While we do not here declare that this period started from the dates of such sales in 1963 and
1964, we do say that sometime between those years and 1976, when the first complaint for redemption
was filed, the other co-heirs were actually informed of the sale and that thereafter the 30-day period
started running and ultimately expired. This could have happened any time during the interval of thirteen
years, when none of the co-heirs made a move to redeem the properties sold. By 1977, in other words,
when Tecla Padua filed her complaint, the right of redemption had already been extinguished because the
period for its exercise had already expired. The following doctrine is also worth noting:

While the general rule is, that to charge a party with laches in the assertion of an alleged
right it is essential that he should have knowledge of the facts upon which he bases his
claim, yet if the circumstances were such as should have induced inquiry, and the means
of ascertaining the truth were readily available upon inquiry, but the party neglects to
make it, he will be chargeable with laches, the same as if he had known the facts.

It was the perfectly natural thing for the co-heirs to wonder why the spouses Alonzo, who were
not among them, should enclose a portion of the inherited lot and build thereon a house of strong
materials. This definitely was not the act of a temporary possessor or a mere mortgagee. This certainly
looked like an act of ownership. Yet, given this unseemly situation, none of the co-heirs saw fit to object
or at least inquire, to ascertain the facts, which were readily available. It took all of thirteen years before
one of them chose to claim the right of redemption, but then it was already too late.
We realize that in arriving at our conclusion today, we are deviating from the strict letter of the
law, which the respondent court understandably applied pursuant to existing jurisprudence.

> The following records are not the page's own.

Lemma mxtrace_adj_second_difference (A Bp Bm : 'M[R]_n) (c : R) : 0 <= c ->
  posdefmx A -> posdefmx Bp -> posdefmx Bm ->
  n%:R * (\det A) `^ ((n%:R - 1) / n%:R)
    * (((\det Bp) `^ n%:R^-1 + (\det Bm) `^ n%:R^-1 - 2 * (\det A) `^ n%:R^-1) / c)
  <= \tr (\adj A *m (c^-1 *: (Bp + Bm - 2 *: A))).
Proof.
move=> c0 pA pBp pBm.
have root_det (B : 'M[R]_n) : posdefmx B -> ((\det B) `^ n%:R^-1) ^+ n = \det B.
  by move=> /posdefmx_det_gt0/ltW; exact: exprn_powRV.
have a0 : 0 < (\det A) `^ n%:R^-1 by rewrite powR_gt0 ?posdefmx_det_gt0.
have Kp := mxtrace_adj_mul_ge n_gt0 pA pBp a0 (powR_ge0 _ _)
  (root_det _ pA) (root_det _ pBp).
have Km := mxtrace_adj_mul_ge n_gt0 pA pBm a0 (powR_ge0 _ _)
  (root_det _ pA) (root_det _ pBm).
rewrite powR_predn_divn; last exact/ltW/posdefmx_det_gt0.
rewrite -scalemxAr mxtraceZ mulmxBr mulmxDr -scalemxAr raddfB /= mxtraceD mxtraceZ.
rewrite mul_adj_mx mxtrace_scalar -[in \det A *+ n](root_det _ pA).
move: Kp Km; set a := (\det A) `^ _; set bp := (\det Bp) `^ _; set bm := (\det Bm) `^ _.
move=> Kp Km; rewrite [leLHS](_ : _ = c^-1 * (n%:R * a ^+ n.-1 * bp
    + n%:R * a ^+ n.-1 * bm - 2 * (a ^+ n *+ n))); last first.
  by rewrite -mulr_natl -[in a ^+ n](prednK n_gt0) exprS; ring.
apply: ler_wpM2l; first by rewrite invr_ge0.
by apply: lerB => //; apply: lerD.
Qed.

End DeterminantRoot.

Lemma sqnorm_gt0 {R : realType} {n} {xi : 'rV[R]_n} : xi != 0 -> 0 < sqnorm xi.
Proof.
move=> xi0; rewrite lt_def sumr_ge0 ?andbT => [|i _]; last exact: sqr_ge0.
apply: contra xi0 => /eqP/psumr_eq0P xi_eq0; apply/eqP/rowP => i.
by have /eqP := xi_eq0 (fun i _ => sqr_ge0 _) i isT; rewrite mxE sqrf_eq0 => /eqP.
Qed.

Theorem lemma3p1 (R : realType) (n : nat) (alpha d0 c0 theta c1 c2 : R)
    (fp f u : 'rV[R]_n -> R) (T : 'M[R]_n) :
  (0 < n)%N ->
  0 < alpha < 1 ->
  (* f_p : positive, bounded, C^alpha, Z^n-periodic *)
  (forall x, d0^-1 <= fp x <= d0) ->
  (forall x y, `|fp x - fp y| <= d0 * powR (enorm (x - y)) alpha) ->
  (forall x i, fp (x + basis_vec i) = fp x) ->
  (* f in C^alpha(R^n), a perturbation of f_p decaying at infinity *)
  (exists C, forall x y, `|f x - f y| <= C * powR (enorm (x - y)) alpha) ->
  (forall eps, 0 < eps -> exists R0, forall x, R0 < enorm x -> `|f x - fp x| <= eps) ->
  (* u convex, C^{2,alpha}_loc, solution of det D^2 u = f *)
  (forall x y (t : R), 0 <= t <= 1 ->
      u ((1 - t) *: x + t *: y) <= (1 - t) * u x + t * u y) ->
  C2 u ->
  (forall r, 0 < r -> exists C, forall x y i j, enorm x <= r -> enorm y <= r ->
      `|hessian u x i j - hessian u y i j| <= C * powR (enorm (x - y)) alpha) ->
  (forall x, \det (hessian u x) = f x) ->
  (* T linear, det T = 1, asymptotics of u(Tx) *)
  \det T = 1 ->
  (forall x, 1 <= enorm x ->
      `|u (x *m T) - 2^-1 * enorm x ^+ 2| <= c0 * powR (enorm x) (2 - theta)) ->
  (* v = u o T : det D^2 v = f_T, v in C^2, c1 I <= D^2 v <= c2 I *)
  let v := fun x => u (x *m T) in
  let fT := fun x => f (x *m T) in
  (forall x, \det (hessian v x) = fT x) ->
  C2 v ->
  0 < c1 -> 0 < c2 ->
  (forall x xi, c1 * sqnorm xi <= qform (hessian v x) xi <= c2 * sqnorm xi) ->
  forall s : R, 0 < s < alpha / 2 ->
  forall (x : 'rV[R]_n) (e : 'rV[R]_n), lattice T e -> e != 0 ->
    \sum_i \sum_j cofactor (hessian v x) i j * hessian (incr s e v) x i j
    >= n%:R * powR (\det (hessian v x)) ((n%:R - 1) / n%:R)
       * ((powR (fT (x + e)) n%:R^-1 + powR (fT (x - e)) n%:R^-1
           - 2 * powR (fT x) n%:R^-1) / powR (enorm e) (2 * s)).
Proof.
move=> n_gt0 _ _ _ _ _ _ _ _ _ _ _ _ v fT det_hv C2v c1_gt0 _ hv_bound s _ x e _ _.
have pd_hv y : posdefmx (hessian v y).
  split=> [|xi xi0]; first exact: hessian_sym.
  apply: lt_le_trans (mulr_gt0 c1_gt0 (sqnorm_gt0 xi0)) _.
  by case/andP: (hv_bound y xi).
rewrite -!det_hv -mxtrace_adj_mul_cofactor hessian_incr //.
exact: mxtrace_adj_second_difference (powR_ge0 _ _) (pd_hv _) (pd_hv _) (pd_hv _).
Qed.
Theorem proposition2p21 (n : nat) (Hn : 3 <= n)
    (s s' : {set {set 'I_n}}) (i i' j j' : 'I_n) :
  triangulation s -> triangulation s' ->
  edge_of s [set i; i'] -> edge_of s' [set i; i'] ->
  edge_of s [set j; j'] -> edge_of s' [set j; j'] ->
  forall m : nat,
    min_theta s [set i; i'] [set j; j'] m <-> min_theta s' [set i; i'] [set j; j'] m.
Proof.
move=> tri_s tri_s' Hs_i Hs'_i Hs_j Hs'_j m.
by rewrite (min_theta_theta_dist Hn tri_s m Hs_i Hs_j) (min_theta_theta_dist Hn tri_s' m Hs'_i Hs'_j).
Qed.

The said court
acted properly as it had no competence to reverse the doctrines laid down by this Court in the above-cited
cases. In fact, and this should be clearly stressed, we ourselves are not abandoning the De Conejero and
Buttle doctrines. What we are doing simply is adopting an exception to the general rule, in view of the
peculiar circumstances of this case.
The co-heirs in this case were undeniably informed of the sales although no notice in writing was
given them. And there is no doubt either that the 30-day period began and ended during the 14 years
between the sales in question and the filing of the complaint for redemption in 1977, without the co-heirs
exercising their right of redemption. These are the justifications for this exception.